Geometry PARCC question: similar triangles

The following fill-in-the-blanks question, explained here in hopes of helping geometry students in Maryland and Illinois prepare for the PARCC test near the end of this school year, appears on the released version of PARCC’s Spring 2015 test in geometry, here:

In the three right triangles shown,

$m\angle{C} = m\angle{F} = m\angle{I} = 36^{\circ}$

Complete the statements about the triangles by dragging the correct choices into the proper locations. Not all choices will be used.

Choices: AA similarity, adjacent leg, ASA, congruent, cosine, CPCTC, GH/GI, GI/GH, hypotenuse, similar, sine, tangent.

Because each triangle contains a right angle and a 36° angle, the triangles are ____ by ____, and AB/AC = DE/DF = ____. The proportion shows that the ratio of the length of the leg opposite the 36° angle to the length of the ____ will be the same for any right triangle with a 36° angle. The value of the ratio is defined to be the ____ of 36°.

Answer and references

Correct answers: similar … AA similarity … GH/GI … adjacent leg … tangent.

PARCC evidence statement(s) tested: G-SRT.6:

Understand that by similarity, side ratios in right triangles are properties of the angles in the triangle, leading to definitions of trigonometric ratios for acute angles.

Trigonometric ratios include sine, cosine, and tangent only.

The evidence statement above references Math Practice 7 in the Common Core:

[MP.7] Attend to precision. Mathematically proficient students look closely to discern a pattern or structure. Young students, for example, might notice that three and seven more is the same amount as seven and three more, or they may sort a collection of shapes according to how many sides the shapes have. Later, students will see 7 × 8 equals the well remembered 7 × 5 + 7 × 3, in preparation for learning about the distributive property. In the expression x² + 9x + 14, older students can see the 14 as 2 × 7 and the 9 as 2 + 7. They recognize the significance of an existing line in a geometric figure and can use the strategy of drawing an auxiliary line for solving problems. They also can step back for an overview and shift perspective. They can see complicated things, such as some algebraic expressions, as single objects or as being composed of several objects. For example, they can see 5 – 3(x – y)² as 5 minus a positive number times a square and use that to realize that its value cannot be more than 5 for any real numbers x and y.

The question tests students’ understanding of the high school Common Core geometry standard HSG.SRT.C.6, found under High School: Geometry: Similarity, Right Triangles, & Trigonometry (define trigonometric ratios and solve problems involving right triangles), which states that they should “understand that by similarity, side ratios in right triangles are properties of the angles in the triangle, leading to definitions of trigonometric ratios for acute angles.” It also requires knowledge of other standards in this section of the Common Core, including HSG.SRT.A.3, which says they should be able to “use the properties of similarity transformations to establish the AA criterion for two triangles to be similar.”

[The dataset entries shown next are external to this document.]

Lemma eval_papp1 f g xs a v :
  eval o g xs a -> eval o f [:: a] v -> eval o (papp1 f g) xs v.
Proof. by move=> Hg; apply: ev_comp; apply: evs_cons Hg (evs_nil _ _). Qed.

Lemma eval_papp2 f g h xs a b v : eval o g xs a -> eval o h xs b ->
  eval o f [:: a; b] v -> eval o (papp2 f g h) xs v.
Proof.
move=> Hg Hh; apply: ev_comp; apply: evs_cons Hg _; exact: evs_cons Hh (evs_nil _ _).
Qed.

Lemma eval_papp1_inv f g xs v : eval o (papp1 f g) xs v ->
  exists a, eval o g xs a /\ eval o f [:: a] v.
Proof.
move=> H; inversion H as [| | | |? ? ? vs ? Hgs Hf| | |]; subst.
inversion Hgs as [|? ? ? a ? Ha Hnil]; inversion Hnil; subst; by exists a.
Qed.

Lemma eval_papp2_inv f g h xs v : eval o (papp2 f g h) xs v ->
  exists a b, [/\ eval o g xs a, eval o h xs b & eval o f [:: a; b] v].
Proof.
move=> H; inversion H as [| | | |? ? ? vs ? Hgs Hf| | |]; subst.
inversion Hgs as [|? ? ? a ? Ha Hgs']; subst.
inversion Hgs' as [|? ? ? b ? Hb Hnil]; inversion Hnil; subst; by exists a, b.
Qed.

Lemma eval_PMu_inv f xs n : eval o (PMu f) xs n -> eval o f (n :: xs) 0.
Proof. by move=> H; inversion H. Qed.

Lemma eval_PRec_seq b s xs (R : nat -> nat) :
  eval o b xs (R 0) -> (forall k, eval o s [:: k, R k & xs] (R k.+1)) ->
  forall n, eval o (PRec b s) (n :: xs) (R n).
Proof.
move=> H0 HS; elim=> [|n IH]; first exact: ev_rec0.
exact: ev_recS IH (HS n).
Qed.

Lemma eval_pconst n xs : eval o (pconst n) xs n.
Proof. elim: n => [|n IH]; [exact: ev_zero | exact: eval_papp1 IH (ev_succ _ _)]. Qed.

Lemma eval_ppred x : eval o ppred [:: x] x.-1.
Proof.
apply: (eval_PRec_seq (R := predn)); first exact: ev_zero.
by move=> k; exact: ev_proj.
Qed.

Lemma eval_padd x y : eval o padd [:: x; y] (x + y).
Proof.
apply: (eval_PRec_seq (R := addn^~ y)) => [|k]; first exact: ev_proj.
exact: eval_papp1 (ev_proj _ _ _) (ev_succ _ _).
Qed.

Lemma eval_pmul x y : eval o pmul [:: x; y] (x * y).
Proof.
apply: (eval_PRec_seq (R := muln^~ y)) => [|k]; first exact: ev_zero.
rewrite mulSn addnC; exact: eval_papp2 (ev_proj _ _ _) (ev_proj _ _ _) (eval_padd _ _).
Qed.

Lemma eval_psign x : eval o psign [:: x] (0 < x).
Proof.
apply: (eval_PRec_seq (R := fun n => nat_of_bool (0 < n))); first exact: ev_zero.
by move=> k; exact: eval_pconst.
Qed.

Lemma eval_piszero x : eval o piszero [:: x] (x == 0).
Proof.
apply: (eval_PRec_seq (R := fun n => nat_of_bool (n == 0))); first exact: eval_pconst.
by move=> k; exact: ev_zero.
Qed.

Lemma eval_psub x y : eval o psub [:: x; y] (x - y).
Proof.
apply: eval_papp2 (ev_proj _ _ _) (ev_proj _ _ _) _.
apply: (eval_PRec_seq (R := subn x)) => [|k]; first by rewrite subn0; exact: ev_proj.
rewrite subnS; exact: eval_papp1 (ev_proj _ _ _) (eval_ppred _).
Qed.

Lemma eval_peq x y : eval o peq [:: x; y] (x == y).
Proof.
have -> : (x == y) = (x - y + (y - x) == 0) by rewrite addn_eq0 !subn_eq0 eqn_leq.
apply: eval_papp1 (eval_piszero _).
apply: eval_papp2 (eval_psub _ _) _ (eval_padd _ _).
exact: eval_papp2 (ev_proj _ _ _) (ev_proj _ _ _) (eval_psub _ _).
Qed.

End Arithmetic.

Definition chi (i : nat) : nat -> nat := fun k => nat_of_bool (k == i).

(* Values of [F] are shifted by one as in [beval].  [bsearch F t] is [n.+2] if
   [n < t] is the least value-[0] candidate ([F n = 1]), [0] if some earlier
   candidate has no value ([F m = 0]), and [1] if the search is still running. *)
Definition bsearch_step (r k : nat) : nat :=
  (0 < r) * ((r == 1) * k.+2 + ((r == 1 : nat) == 0)).

Fixpoint bsearch (F : nat -> nat) (k : nat) : nat :=
  if k is k'.+1 then
    let s := bsearch F k' in (s == 1) * bsearch_step (F k') k' + ((s == 1 : nat) == 0) * s
  else 1.

Fixpoint brec (B : nat) (S : nat -> nat -> nat) (k : nat) : nat :=
  if k is k'.+1 then (0 < brec B S k') * S k' (brec B S k').-1 else B.

(* [beval t i e xs] evaluates [e] on [xs] with oracle [chi i] where every [PMu]
   inspects only the candidates below [t]; it returns [v.+1] for the output [v]
   and [0] for no output.  The clauses are arithmetic so that [beval_prog] can
   compute them. *)
Fixpoint beval (t i : nat) (e : prog) (xs : seq nat) {struct e} : nat :=
  match e with
  | PZero => 1
  | PSucc => (nth 0 xs 0).+2
  | PProj j => (nth 0 xs j).+1
  | POrc => (nth 0 xs 0 == i).+1
  | PComp f gs => let ws := map (fun g => beval t i g xs) gs in
      all (fun w => 0 < w) ws * beval t i f (map predn ws)
  | PRec b s => if xs is n :: xs' then
      brec (beval t i b xs') (fun k w => beval t i s [:: k, w & xs']) n else 0
  | PMu f => (bsearch (fun n => beval t i f (n :: xs)) t).-1
  end.

Lemma bsearch_step1 k : bsearch_step 1 k = k.+2.
Proof. by rewrite /bsearch_step mul1n addn0 mul1n. Qed.

Lemma bsearch_step_gt1 r k : 1 < r -> bsearch_step r k = 1.
Proof. by case: r => [|[|r]]. Qed.

Lemma bsearch_stepS F k : bsearch F k.+1 =
  if bsearch F k == 1 then bsearch_step (F k) k else bsearch F k.
Proof. by rewrite /=; case: (bsearch F k == 1); rewrite /= ?mul1n ?mul0n ?addn0. Qed.

Lemma bsearch_spec F k : (bsearch F k = 1 -> forall m, m < k -> 1 < F m) /\
  (forall n, bsearch F k = n.+2 -> F n = 1 /\ forall m, m < n -> 1 < F m).
Proof.
elim: k => [|k [IH1 IH2]]; first by split.
rewrite bsearch_stepS; case: eqP => Hs; last by split=> // /Hs.
case: (ltngtP (F k) 1) => HF.
- by have -> : F k = 0 by case: (F k) HF.
- rewrite bsearch_step_gt1 //; split=> // _ m.
  by rewrite ltnS leq_eqVlt => /predU1P [->//|/(IH1 Hs)].
- rewrite HF bsearch_step1; split=> // n [<-]; split=> //; exact: IH1 Hs.
Qed.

Resources for further study

Integrated Publishing begins a small proof that two right triangles that share the measure of one of the acute angles are similar to each other:

The right angle in the first triangle is equal to the right angle in the second, since all right angles are equal.
The sum of the angles of any triangle is 180°. Therefore, the sum of the two acute angles in a right triangle is 90°.

At the point, we note that, having shown that two of the angles have the same measure, AA (Angle-Angle) similarity applies. If two angles are equal in two different triangles, then the triangles are similar. The triangles would be congruent if the side between the two congruent angles were also congruent, by ASA (Angle-Side-Angle) congruency, but that’s not the case here.

For the second part, there are numerous sources on the Web and in textbooks to explain that the tangent of an angle in a right triangle is equal to the ratio of the side opposite the angle to the side adjacent to the angle, neither side being the hypotenuse of the right triangle.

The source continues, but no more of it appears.